▶ **Task details**
Your task is to copy the stretch of lines in the records below that begins with the line containing "(('I_n + 'I_n) + (bool" and ends with the line containing "- eapply ev_recS; [apply IH; lia|].", exactly as written, with nothing added.

▶ **Records for this exercise**
-.-.-

(* Suppose $c,\rho>0$ satisfy the parameter condition (C), the graph $G$ is connected, and $\mathcal A\neq\emptyset$. Then the sequences $\{\mathbf z^t\}_{t\ge1}$, $\{\mathbf w^t\}_{t\ge1}$, $\{\boldsymbol\lambda^t\}_{t\ge1}$ and $\{\tilde{\mathbf z}^t\}_{t\ge1}$ generated by Algorithm SP-ADMM-JCNL are bounded.
   Context: $G=(\mathcal N,\mathcal E)$ is an undirected graph on $\mathcal N=\{1,\dots,N\}$, $\mathcal N_i=\{j:(i,j)\in\mathcal E\}$, $N_i=|\mathcal N_i|\ge1$ (neighbors listed in a fixed order). $\mathcal A\subseteq\mathcal N$ is the set of anchors with known positions $\mathbf a_k\in\mathbb R^n$. Measurements $d_{i,j}=d_{j,i}\ge0$ ($j\in\mathcal N_i$) and $r_i\ge0$. $\mathcal B^{k}$ is the product of $k$ closed Euclidean unit balls of $\mathbb R^n$; $\delta_C$ is the indicator function of $C$. Variables: $\mathbf z_i=(\mathbf x_i,\mathbf p_i^-,\mathbf p_i^+,\mathbf y_i,\mathbf q_i^-,\mathbf q_i^+)\in\mathbb R^{(4N_i+2)n}$ with $\mathbf p_i^\pm=(\mathbf p^\pm_{i,j})_{j\in\mathcal N_i}$, $\mathbf q_i^\pm=(\mathbf q^\pm_{i,j})_{j\in\mathcal N_i}$ (blocks in $\mathbb R^n$), $\mathbf z=(\mathbf z_i)_i$; $\mathbf w_i=((\mathbf v_{i,j})_{j\in\mathcal N_i},\mathbf u_i)\in\mathbb R^{(N_i+1)n}$, $\mathbf w=(\mathbf w_i)_i$; $\boldsymbol\lambda_i\in\mathbb R^{3N_in}$. Linear maps (identified with their matrices): $\mathbf H_i\mathbf z_i=((\mathbf x_i-\mathbf p^+_{i,j})_{j},\mathbf x_i-\mathbf y_i)$, $\mathbf A_i\mathbf z_i=((\mathbf x_i-\mathbf p^-_{i,j})_j,(\mathbf y_i-\mathbf q^-_{i,j})_j,(\mathbf y_i-\mathbf q^+_{i,j})_j)$, $\mathbf D_i=\mathrm{Diag}((d_{i,j})_{j\in\mathcal N_i},r_i)\otimes\mathbf I_n$. $G_i(\mathbf z_i,\mathbf w_i)=\frac12\|\mathbf H_i\mathbf z_i\|^2-\mathbf w_i^T\mathbf D_i\mathbf H_i\mathbf z_i$. $\mathcal X=\{\mathbf z:\mathbf x_i=\mathbf a_i\ \forall i\in\mathcal A\}$, $\mathcal Y=\{\mathbf z:\mathbf p^+_{i,j}=\mathbf p^-_{j,i},\ \mathbf q^+_{i,j}=\mathbf q^-_{j,i}\ \forall i,\ j\in\mathcal N_i\}$. $|\mathbf M|$ is the entrywise absolute value, $\|\mathbf v\|^2_{\mathbf M}=\mathbf v^T\mathbf M\mathbf v$, $\mathbf S_i=|\mathbf A_i^T\mathbf A_i|+\frac1c|\mathbf H_i^T\mathbf H_i|$, $\mathbf U_i=\mathbf H_i^T\mathbf H_i+c\mathbf A_i^T\mathbf A_i+c\mathbf S_i$ (a positive definite diagonal matrix). Augmented Lagrangian: $\mathcal L_i(\mathbf z_i,\mathbf w_i,\boldsymbol\lambda_i)=G_i(\mathbf z_i,\mathbf w_i)+\delta_{\mathcal B^{N_i+1}}(\mathbf w_i)+\langle\boldsymbol\lambda_i,\mathbf A_i\mathbf z_i\rangle+\frac c2\|\mathbf A_i\mathbf z_i\|^2$. Algorithm SP-ADMM-JCNL (parameters $c,\rho>0$; arbitrary $\mathbf z^0,\mathbf w^0$, $\boldsymbol\lambda^0=\mathbf 0$): for $t\ge0$, $\mathbf z^{t+1}=\arg\min_{\mathbf z\in\mathcal X\cap\mathcal Y}\sum_i[\mathcal L_i(\mathbf z_i,\mathbf w_i^t,\boldsymbol\lambda_i^t)+\frac c2\|\mathbf z_i-\mathbf z_i^t\|^2_{\mathbf S_i}]$; $\mathbf w_i^{t+1}=\mathrm{proj}_{\mathcal B^{N_i+1}}(\mathbf w_i^t+\rho^{-1}\mathbf D_i\mathbf H_i\mathbf z_i^{t+1})$; $\boldsymbol\lambda_i^{t+1}=\boldsymbol\lambda_i^t+c\mathbf A_i\mathbf z_i^{t+1}$. Auxiliary sequence: $\tilde{\mathbf z}_i^{t+1}=\mathbf U_i^{-1}(\mathbf H_i^T\mathbf D_i\mathbf w_i^t-\mathbf A_i^T\boldsymbol\lambda_i^t+c\mathbf S_i\mathbf z_i^t)$ for $t\ge0$, $\tilde{\mathbf z}^t=(\tilde{\mathbf z}_i^t)_i$. Constants: $N_{\max}=\max_iN_i$, $N_{\mathrm{sum}}=\sum_iN_i$, $d_{\max}=\max(\{d_{i,j}\}\cup\{r_i\})$, $\tilde\tau_{\min}=\min_{i\in\mathcal N}\{5(c+1)^2N_i^2+(3c^2+4c+3)N_i\}$. Parameter condition (C): there exist $\kappa_1,\kappa_2>0$ with $\kappa_1\ge6(2N_{\max}+2)(1+\frac1c)$, $\kappa_2\ge\frac{3N_{\mathrm{sum}}n(c+1)^2(2N_{\max}+1)\kappa_1}{\tilde\tau_{\min}}$, and $\rho\ge4d_{\max}^2(\kappa_1+\kappa_2)$. *)

From HB Require Import structures.
From mathcomp Require Import all_boot all_order all_algebra.
From mathcomp Require Import reals.
Set Implicit Arguments. Unset Strict Implicit. Unset Printing Implicit Defensive.
Import Order.TTheory GRing.Theory Num.Theory.
Local Open Scope ring_scope.

Definition NB (N : nat) (E : rel 'I_N) (i : 'I_N) : finType := {j : 'I_N | E i j}.

(* Coordinates of the local variable z_i in R^{(4N_i+2)n}:
   inl (inl k)               : (x_i)_k
   inl (inr k)               : (y_i)_k
   inr (false,false,j,k)     : (p^-_{i,j})_k
   inr (false,true ,j,k)     : (p^+_{i,j})_k
   inr (true ,false,j,k)     : (q^-_{i,j})_k
   inr (true ,true ,j,k)     : (q^+_{i,j})_k                           *)
Definition zix (n N : nat) (E : rel 'I_N) (i : 'I_N) : finType :=
  (('I_n + 'I_n) + (bool * bool * NB E i * 'I_n))%type.
Lemma eval_map_suffix xs k : k <= length xs ->
  eval A p_map_suffix [k; length xs; code xs]
    (code (map (h (code xs)) (skipn (length xs - k) xs))).
Proof.
  induction k as [|k IH]; intros Hk.
  - apply ev_rec0. rewrite Nat.sub_0_r, skipn_all. ev.
  - eapply ev_recS; [apply IH; lia|].
    assert (Hsplit : skipn (length xs - S k) xs =
                     nth (length xs - S k) xs 0 :: skipn (length xs - k) xs).
    { rewrite skipn_nth by lia. do 3 f_equal. lia. }
    rewrite Hsplit. ev; [| | | apply eval_ph | apply eval_cons].
    + now apply eval_sub.
    + apply eval_drop. lia.
    + rewrite Hsplit. apply eval_head.
Qed.

Definition p_map := PComp p_map_suffix [p_length; p_length; PProj 0].

Lemma eval_map xs : eval A p_map [code xs] (code (map (h (code xs)) xs)).
Proof.
  unfold p_map. ev; [apply eval_length | apply eval_length |].
  pose proof (eval_map_suffix xs (length xs) (le_n _)) as H.
  now rewrite Nat.sub_diag in H.
Qed.
End Map.

Definition p_square_add := PComp p_add [PComp p_mul [PProj 0; PProj 0]; PProj 1].
Lemma eval_square_add c x : eval A p_square_add [c; x] (c * c + x).
Proof. unfold p_square_add. ev; [apply eval_mul | apply eval_add]. Qed.
End Programs.

Lemma sqrt_square_add c x : x <= 2 * c -> Nat.sqrt (c * c + x) = c.
Proof. intro Hx. apply Nat.sqrt_unique. nia. Qed.

(* A tuple with code [c] has entries below [c], and [x |-> c * c + x] sends
   them injectively into the single block [c]. *)
Lemma eq_finitarily_reducible (F : relation nat) :
  reflexive nat F -> (forall u v, Nat.sqrt u = Nat.sqrt v -> F u v -> u = v) ->
  finitarily_reducible eq F.
Proof.
  intros Hrefl Hblock.
  exists (fun c => code (map (fun x => c * c + x) (decode c))). split.
  - exists (p_map p_square_add). intro c. destruct (code_surj c) as [xs <-].
    rewrite decode_code. apply (eval_map _ _ (fun c x => c * c + x)), eval_square_add.
  - intros xs _. set (c := code xs). exists (map (fun x => c * c + x) xs).
    unfold c. rewrite decode_code, length_map. fold c. do 2 (split; [reflexivity|]).
    intros i j Hij Hj.
    assert (Hlt : forall k, k < length xs -> nth k xs 0 < c)
      by (intros k Hk; apply code_bound, nth_In, Hk).
    assert (Hnth : forall k, k < length xs ->
                   nth k (map (fun x => c * c + x) xs) 0 = c * c + nth k xs 0).
    { intros k Hk. rewrite (nth_indep _ _ (c * c + 0)) by (rewrite length_map; lia).
      apply map_nth. }
    rewrite !Hnth by lia. split; [intros ->; apply Hrefl|].
    intro HF. apply Hblock in HF; [lia|].
    rewrite !sqrt_square_add; [reflexivity| |]; [specialize (Hlt j) | specialize (Hlt i)]; lia.
Qed.

(** * Diagonalization *)

Fixpoint enc (p : prog) : nat :=
  match p with
  | PZero => code [0]
  | PSucc => code [1]
  | PProj i => code [2; i]
  | POracle => code [3]
  | PComp f gs => code (4 :: enc f :: map enc gs)
  | PRec f g => code [5; enc f; enc g]
  | PMu f => code [6; enc f]
  end.

Lemma enc_inj : forall p q, enc p = enc q -> p = q.
Proof.
  fix IH 1.
  intros [| | i | | f gs | f g | f] [| | i' | | f' gs' | f' g' | f'] H;
    apply code_inj in H; try discriminate; try (injection H; intros; subst); try reflexivity.
  - f_equal; [now apply IH|]. clear f f' H H1.
    revert gs' H0; induction gs as [|a gs IHgs]; intros [|a' gs'] Hgs;
      try discriminate; try reflexivity.
    injection Hgs as Ha Hgs. f_equal; [now apply IH | now apply IHgs].
  - f_equal; now apply IH.
  - f_equal; now apply IH.
Qed.

Lemma eq_or_partner_equivalence {T : Type} (Q : relation T) :
  symmetric T Q -> (forall u v w, Q u v -> Q u w -> v = w) ->
  equivalence T (fun u v => u = v \/ Q u v).
Proof.
  intros Hsym Hfun. constructor.
  - now left.
  - intros u v w [<-|Huv] [<-|Hvw]; auto. left. exact (Hfun v u w (Hsym u v Huv) Hvw).
  - intros u v [<-|Huv]; auto.
Qed.

Definition used (M : list (nat * nat)) : list nat := flat_map (fun uv => [fst uv; snd uv]) M.

Lemma used_cons u v M : used ((u, v) :: M) = u :: v :: used M.
Proof. reflexivity. Qed.

Definition paired (M : list (nat * nat)) (u v : nat) : Prop := In (u, v) M \/ In (v, u) M.

Lemma paired_used M u v : paired M u v -> In u (used M).
Proof.
  intros [H|H]; apply in_flat_map; eexists; split; [exact H| |exact H|]; simpl; auto.
Qed.

Lemma paired_functional M u v w : NoDup (used M) -> paired M u v -> paired M u w -> v = w.
Proof.
  induction M as [|[a b] M IH]; [intros _ [[]|[]]|].
  intros Hnd Hv Hw. inversion Hnd as [|? ? Ha Hnd']; subst.
  inversion Hnd' as [|? ? Hb Hnd'']; subst.
  assert (Hcons : forall x, paired ((a, b) :: M) u x ->
                  (u = a /\ x = b) \/ (u = b /\ x = a) \/ paired M u x).
  { intros x [[Hx|Hx]|[Hx|Hx]];
    [injection Hx as <- <- | | injection Hx as <- <- |]; unfold paired; auto. }
  destruct (Hcons v Hv) as [[-> ->]|[[-> ->]|Pv]], (Hcons w Hw) as [[? ->]|[[? ->]|Pw]];
    subst; auto; exfalso;
    solve [ apply Ha; simpl; auto | apply Ha; right; eapply paired_used; eauto
          | apply Hb; eapply paired_used; eauto ].
Qed.

Lemma injective_unbounded (g : nat -> nat) :
  (forall x y, g x = g y -> x = y) -> forall N, exists x, N <= g x.
Proof.
  intros Hg N. apply NNPP. intro Hn.
  assert (Hbound : forall x, g x < N) by (intro x; apply Nat.nle_gt; eauto).
  assert (Hnd : NoDup (map g (seq 0 (S N)))).
  { apply Injective_map_NoDup; [intros x y; apply Hg | apply seq_NoDup]. }
  assert (Hincl : incl (map g (seq 0 (S N))) (seq 0 N)).
  { intros z Hz. apply in_map_iff in Hz as [x [<- _]]. apply in_seq.
    specialize (Hbound x). lia. }
  pose proof (NoDup_incl_length Hnd Hincl). rewrite length_map, !length_seq in *. lia.
Qed.
(* Let $X$ be a finite set with $|X|\ge5$, $k$ an integer with $5<k<|X|-5$, $\mathfrak{C}$ a nonempty symmetric family of choice functions for $\binom{X}{k}$, $\mathcal{F}$ the set of simple averaging functions for $\mathfrak{C}$, and assume $r(\mathcal{F})=2$. Let $a_1,a_2,a_3\in X$ be pairwise distinct. Then there is $g\in\mathcal{F}_{[3]}$ such that $g(\bar b)=b_1$ for every $\bar b\in X^3$ with a repetition, and $g(a_1,a_2,a_3)=a_2$.
   Context: $\binom{X}{k}=\{Y\subseteq X:|Y|=k\}$; choice functions satisfy $c(Y)\in Y$. Symmetric: closed under $c\mapsto\pi*c$, $(\pi*c)(Y)=\pi^{-1}(c(\pi(Y)))$. $\mathcal{F}_{[r]}$: functions $f:X^r\to X$ with $f(a,\dots,a)=a$ such that for all $c_1,\dots,c_r\in\mathfrak{C}$, $Y\mapsto f(c_1(Y),\dots,c_r(Y))$ is in $\mathfrak{C}$. A monarchy is a projection. $r(\mathcal{F})=\min\{r:\text{some } f\in\mathcal{F}_{[r]}\text{ is not a monarchy}\}$. *)

From HB Require Import structures.
From mathcomp Require Import all_boot all_fingroup.
Set Implicit Arguments. Unset Strict Implicit. Unset Printing Implicit Defensive.

Section ChoiceDefs.
Variables (X : finType) (k : nat).

Definition ksub := {Y : {set X} | #|Y| == k}.

Definition cfun := {ffun ksub -> X}.

Definition is_choice_fun (c : cfun) : Prop := forall Y : ksub, c Y \in val Y.

(* pi(Y) as a k-subset (insubd default never used since pi is injective). *)
Definition perm_ksub (pi : {perm X}) (Y : ksub) : ksub :=
  insubd Y (pi @: val Y).

Definition perm_act (pi : {perm X}) (c : cfun) : cfun :=
  [ffun Y => (pi^-1)%g (c (perm_ksub pi Y))].

Definition symmetric_family (C : {set cfun}) : Prop :=
  forall pi c, c \in C -> perm_act pi c \in C.

Definition in_F (C : {set cfun}) (r : nat) (f : {ffun 'I_r -> X} -> X) : Prop :=
  (forall a : X, f [ffun _ => a] = a) /\
  (forall cs : 'I_r -> cfun, (forall i, cs i \in C) ->
     [ffun Y => f [ffun i => cs i Y]] \in C).

Definition monarchy (r : nat) (f : {ffun 'I_r -> X} -> X) : Prop :=
  exists i : 'I_r, forall b, f b = b i.

Definition rF_eq (C : {set cfun}) (n : nat) : Prop :=
  (exists f : {ffun 'I_n -> X} -> X, in_F C f /\ ~ monarchy f) /\
  (forall m, m < n -> forall f : {ffun 'I_m -> X} -> X, in_F C f -> monarchy f).

End ChoiceDefs.

From mathcomp Require Import all_boot all_fingroup zify.

(** Binary polymorphisms of C are conservative (a choice function must pick inside
    its k-set), so each is [switch D]: it returns its second argument on the pairs
    of D and its first elsewhere. The admissible sets D contain the full set and are
    closed under intersection, under D |-> {(x, y) | (y, x) \notin D} (hence under
    union) and, C being symmetric, under relabelling by permutations of X. Relabelling
    shows that if every admissible D containing (u, v) must contain a pair other
    than (u, v) and (v, u), then it must contain every off-diagonal pair; the binary
    non-monarchy given by r(F) = 2 yields an admissible D separating two such pairs,
    so the edge {(u, v), (v, u)} is itself admissible. With s_ij the switch on the
    edge a_i a_j, g(x, y, z) = s_12 (s_12 x y) (s_13 x z) is the required operation. *)

Set Implicit Arguments. Unset Strict Implicit. Unset Printing Implicit Defensive.

Lemma exists_notin (T : finType) (s : seq T) : size s < #|T| -> exists z, z \notin s.
Proof.
move=> lt_sT; have : 0 < #|[predC s]|.
  by rewrite -(ltn_add2l #|s|) addn0 cardC (leq_ltn_trans (card_size s)).
by case/card_gt0P => z; rewrite inE; exists z.
Qed.

Lemma perm_map_uniq (T : finType) (xs ys : seq T) :
  uniq xs -> uniq ys -> size xs = size ys -> exists pi : {perm T}, map pi xs = ys.
Proof.
elim: xs ys => [|x xs IH] [|y ys] //=; first by exists 1%g.
move=> /andP[xNxs uxs] /andP[yNys uys] [size_xys].
have [pi pi_xs] := IH _ uxs uys size_xys.
exists (pi * tperm (pi x) y)%g; rewrite permM tpermL; congr cons.
rewrite -pi_xs; apply/eq_in_map => z zxs; rewrite permM tpermD //.
  by apply: contraNneq xNxs => /perm_inj ->.
by apply: contraNneq yNys => ->; rewrite -pi_xs map_f.
Qed.

Lemma exists_subset_between (T : finType) (A B : {set T}) n :
  A \subset B -> #|A| <= n <= #|B| ->
  exists Y : {set T}, [/\ A \subset Y, Y \subset B & #|Y| = n].
Proof.
move=> sAB /andP[leAn lenB].
have : 0 < #|[set W : {set T} | W \subset B :\: A & #|W| == n - #|A|]|.
  by rewrite cards_draws bin_gt0 cardsDS // leq_sub2r.
case/card_gt0P => W; rewrite inE => /andP[sWBA /eqP cardW].
have dWA : [disjoint W & A].
  by rewrite disjoints_subset (subset_trans sWBA) // setDE subsetIr.
exists (A :|: W); split; first exact: subsetUl.
  by rewrite subUset sAB (subset_trans sWBA) ?subsetDl.
have /leqifP := leq_card_setU A W; rewrite disjoint_sym dWA => /eqP->.
by rewrite cardW subnKC.
Qed.

Local Notation i1 := (@Ordinal 3 1 isT).
Local Notation i2 := (@Ordinal 3 2 isT).

Lemma ord3_cases (i : 'I_3) : [|| i == ord0, i == i1 | i == i2].
Proof. by case: i => -[|[|[|]]]. Qed.

Lemma ord3_repeat (T : eqType) (b : 'I_3 -> T) i j :
  i != j -> b i = b j -> [|| b ord0 == b i1, b ord0 == b i2 | b i1 == b i2].
Proof.
by case/or3P: (ord3_cases i) => /eqP->; case/or3P: (ord3_cases j) => /eqP-> // _ ->;
  rewrite eqxx ?orbT.
Qed.

Section PermKsub.
Variables (X : finType) (k : nat).

Lemma perm_ksub_val (pi : {perm X}) (Y : ksub X k) : val (perm_ksub pi Y) = pi @: val Y.
Proof. by rewrite /perm_ksub val_insubd card_imset ?(valP Y) //; apply: perm_inj. Qed.

Lemma perm_ksubK (pi : {perm X}) : cancel (@perm_ksub X k pi) (perm_ksub pi^-1%g).
Proof.
move=> Y; apply: val_inj; rewrite !perm_ksub_val -imset_comp.
by rewrite (eq_imset (g := id)) ?imset_id // => x /=; rewrite permK.
Qed.

End PermKsub.

Section Polymorphisms.
Variables (X : finType) (k : nat) (C : {set cfun X k}).

Definition polymorphism2 (h : X -> X -> X) : bool :=
  [forall a, h a a == a] &&
  [forall c1 in C, forall c2 in C, [ffun Y => h (c1 Y) (c2 Y)] \in C].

-.-.-

▶ **Response to this task**
  (('I_n + 'I_n) + (bool * bool * NB E i * 'I_n))%type.
Lemma eval_map_suffix xs k : k <= length xs ->
  eval A p_map_suffix [k; length xs; code xs]
    (code (map (h (code xs)) (skipn (length xs - k) xs))).
Proof.
  induction k as [|k IH]; intros Hk.
  - apply ev_rec0. rewrite Nat.sub_0_r, skipn_all. ev.
  - eapply ev_recS; [apply IH; lia|].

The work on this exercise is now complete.